In sum, Justice Hecht’s jurisdiction analysis purposely ignores the real issue here-whether this Court has original mandamus jurisdiction over the PUC. The answer is “no” because we have steadfastly held that this Court’s jurisdiction under section 22.002(a) does not extend to state boards or commissions. And, it logically follows that TXU cannot confer jurisdiction on this Court simply by naming the individual PUC commissioners as respondents.

B. Chief Justice Phillips’ ConcüRRence

In rejecting TXU’s request for mandamus relief, Chief Justice Phillips frames TXU’s issue as whether “we should mandamus the Commissioners to preserve the integrity of the Legislature’s plan for deregulation.” 67 S.W.3d at 135 (Phillips, C.J., concurring). But this is not the relief TXU requests. As the record shows, in this mandamus proceeding, although TXU named the commissioners individually, TXU has not asked for any relief against an individual commissioner. TXU requests relief only against the Public Utility Commission as a legislatively created entity-

I do not disagree with the premise that in appropriate circumstances, this Court does have original jurisdiction to grant mandamus relief against “any officer of state government except the Governor.” Tex. Gov’t Code § 22.002(a). But that power does not encompass the power to mandamus a board or commission as an entity because that power lies not in our Court but in a Travis County District Court. See Tex. Const, art. V, § 8; Tex. Gov’t Code § 24.007; see also In Re Nolo Press, 991 S.W.2d at 776; A & T Consultants, Inc., 904 S.W.2d at 684 (Hecht, J., dissenting); Superior Oil Co., 458 S.W.2d at 56; Betts, 73 S.W. at 5.

Ignoring this Court’s precedent that we do not have jurisdiction to mandamus boards or commissions, and assuming jurisdiction when we have none, affects not only the case we decide today, but the course of administrative law proceedings in the future. Chief Justice Phillips’ opinion alludes to this problem when he states: “If mandamus were justified whenever a government official or a lower court misread a statute, mandamus would supplant appeal as a normal avenue for statutory interpretation.” 67 S.W.3d at 135 (Phillips, C.J., concurring). It seems to me that the real import of the Court’s decision today is what will happen in future administrative proceedings when a party is dissatisfied with a board or commission order. That party will not only file a petition for *145judicial review in a Travis County District Court, but will also file a petition for mandamus in this Court. And the party can rely on this case to do so. I refer the Court to what happened after this Court created a common law tort cause of action for an insurer’s breach of its duty of good faith and fair dealing. See Arnold, v. National County Mut. Fire Ins. Co., 725 S.W.2d 165, 167 (Tex.1987). After Arnold, every lawsuit by an insured against an insurer in Texas almost always included a bad-faith allegation, at least every one a competent lawyer filed. See State Farm Lloyds v. Nicolau, 951 S.W.2d 444, 454 (Tex.1997) (Hecht, J., dissenting).

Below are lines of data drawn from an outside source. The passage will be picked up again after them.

(* Let $\Gamma\in(0,1)$, $\lambda>0$, $\alpha,\sigma\ge 0$, and let the thresholds be uniform on $[0,1]$. For each $N$ (large enough that $\lambda\max(\alpha,\sigma)\le N$ and $\Gamma N/(N-1)<1$), let $(B^N(t),D^N(t),X^N(t),Y^N(t))_{t\ge0}$ be the scaled HILT-SI Markov chain described in the context, with $B^N(0)=0$, $X^N(0)\le D^N(0)$, $Y^N(0)\le N-D^N(0)$, and $D^N(0)/N\to d_0$, $X^N(0)/N\to x_0$, $Y^N(0)/N\to y_0$, where $0<d_0\le1$, $0\le x_0\le d_0$, $0\le y_0\le 1-d_0$. Write $\tilde B^N=B^N/N$, $\tilde D^N=D^N/N$, $\tilde X^N=X^N/N$, $\tilde Y^N=Y^N/N$. Then for every $T>0$ and $\epsilon>0$, $$\mathbb{P}\Big(\sup_{0\le u\le T}\big\|(\tilde B^N,\tilde D^N,\tilde X^N,\tilde Y^N)(\lfloor Nu\rfloor)-(b(u),d(u),x(u),y(u))\big\|>\epsilon\Big)\xrightarrow{N\to\infty}0,$$ where, with $a=b+d$, $(b,d,x,y)$ is the unique solution of $$\dot b=d,\quad \dot d=\frac{\Gamma d}{1-\Gamma b}(1-b-d)-d,\quad \dot x=\lambda\alpha(x+y)(a-x)+\frac{\Gamma d}{1-\Gamma b}y,\quad \dot y=\lambda\sigma(x+y)(1-a-y)-\frac{\Gamma d}{1-\Gamma b}y,$$ with $b(0)=0$, $d(0)=d_0$, $x(0)=x_0$, $y(0)=y_0$.
   Context: Scaled HILT-SI chain with $N$ nodes and $\gamma_N=\Gamma/(N-1)$. Each node is either a destination (interested) or a relay (not interested), and either has or does not have the content; destinations are further either infectious or non-infectious. $B^N(t)$, $D^N(t)$ are the numbers of non-infectious and infectious destinations, $A^N(t)=B^N(t)+D^N(t)$, $X^N(t)$ is the number of destinations having the content, $Y^N(t)$ the number of relays having the content. Transition from minislot $t$ to $t+1$, given $B^N(t)=j$, $D^N(t)=m$, $X^N(t)+Y^N(t)=s$: (i) each infectious destination independently, with probability $1/N$, becomes non-infectious; let $C$ be their number; (ii) given $C=c$, each node that is a relay at time $t$ independently becomes an infectious destination with probability $\gamma_N c/(1-\gamma_N j)$; (iii) independently of (i)–(ii), each node without the content that is a destination at time $t$ obtains the content with probability $\lambda\alpha s/N^2$, and each node without the content that is a relay at time $t$ obtains it with probability $\lambda\sigma s/N^2$; content is never lost. Then $B^N(t+1)=j+c$, $D^N(t+1)=m-c+(\text{number of relays converted in (ii)})$, and $X^N(t+1)$, $Y^N(t+1)$ are the resulting numbers of destinations, respectively relays, having the content. *)

From Stdlib Require Import Reals Lia ClassicalEpsilon.
Open Scope R_scope.

Definition binom_pmf (n k : nat) (p : R) : R :=
  if (k <=? n)%nat then C n k * p ^ k * (1 - p) ^ (n - k) else 0.

Definition fsum (n : nat) (f : nat -> R) : R := sum_f_R0 f n.

(* State (B, D, X, Y) of the HILT-SI chain. *)
Definition state := (nat * nat * nat * nat)%type.

(* One-step transition operator of the scaled HILT-SI chain with N nodes:
   hilt_step ... N f z = E[ f(Z(t+1)) | Z(t) = z ].
   Decomposition of the transition (i)-(iii):
   c  ~ Bin(m, 1/N)                  infectious -> non-infectious
   q  = gamma_N c / (1 - gamma_N j)  conversion prob. of each relay
   R1 ~ Bin(y, q)                    relays WITH content that convert
   K  ~ Bin(r - y, q)                relays WITHOUT content that convert
   K1 ~ Bin(K, p_r)                  of those, the ones obtaining content
   L  ~ Bin(r - y - K, p_r)          non-converting relays w/o content obtaining it
   G  ~ Bin(a - x, p_d)              destinations w/o content obtaining it
   (all independent, which is equivalent to the description in the paper). *)
Definition hilt_step (Gam lam alpha sigma : R) (N : nat)
    (f : state -> R) (z : state) : R :=
  let '(j, m, x, y) := z in
  let NR := INR N in
  let gam := Gam / (NR - 1) in
  let a := (j + m)%nat in
  let r := (N - a)%nat in
  let s := INR (x + y) in
  let pd := lam * alpha * s / (NR ^ 2) in
  let pr := lam * sigma * s / (NR ^ 2) in
  fsum m (fun c =>
   binom_pmf m c (/ NR) *
   (let q := gam * INR c / (1 - gam * INR j) in
    fsum y (fun R1 => binom_pmf y R1 q *
    fsum (r - y) (fun K => binom_pmf (r - y) K q *
    fsum K (fun K1 => binom_pmf K K1 pr *
    fsum (r - y - K) (fun L => binom_pmf (r - y - K) L pr *
    fsum (a - x) (fun G => binom_pmf (a - x) G pd *
      f ((j + c)%nat, (m - c + R1 + K)%nat,
         (x + G + R1 + K1)%nat, (y - R1 + L)%nat)))))))).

Opening the door for this Court to mandamus state boards or commissions, with the lure that a party may achieve a quick fix, in all probability will dramatically increase the number of such mandamus petitions filed directly in this Court. And it will thus supplant the appellate process already in place as a normal avenue for relief from a board or commission order. Accordingly, continuing to adhere to precedent, and denying TXU’s petition for want of jurisdiction will reinforce and reaffirm the legislatively adopted appellate process for determining disputes involving administrative boards, commissions, and agencies.

VI. CONCLUSION

Today, the Court overturns ninety-eight years of precedent holding that section 22.002(a) does not confer original jurisdiction on this Court to mandamus state boards or commissions. I am convinced that we do not have jurisdiction to entertain this petition, and the Court should dismiss it for want of jurisdiction. Because the Court decides otherwise, I concur in the Court’s judgment only to the extent that it determines TXU is not entitled to mandamus relief.

. Justice Hecht’s dissent is the only writing that discusses the jurisdiction issue. I presume, therefore, that the other writers adopt his entire jurisdiction argument sub silentio.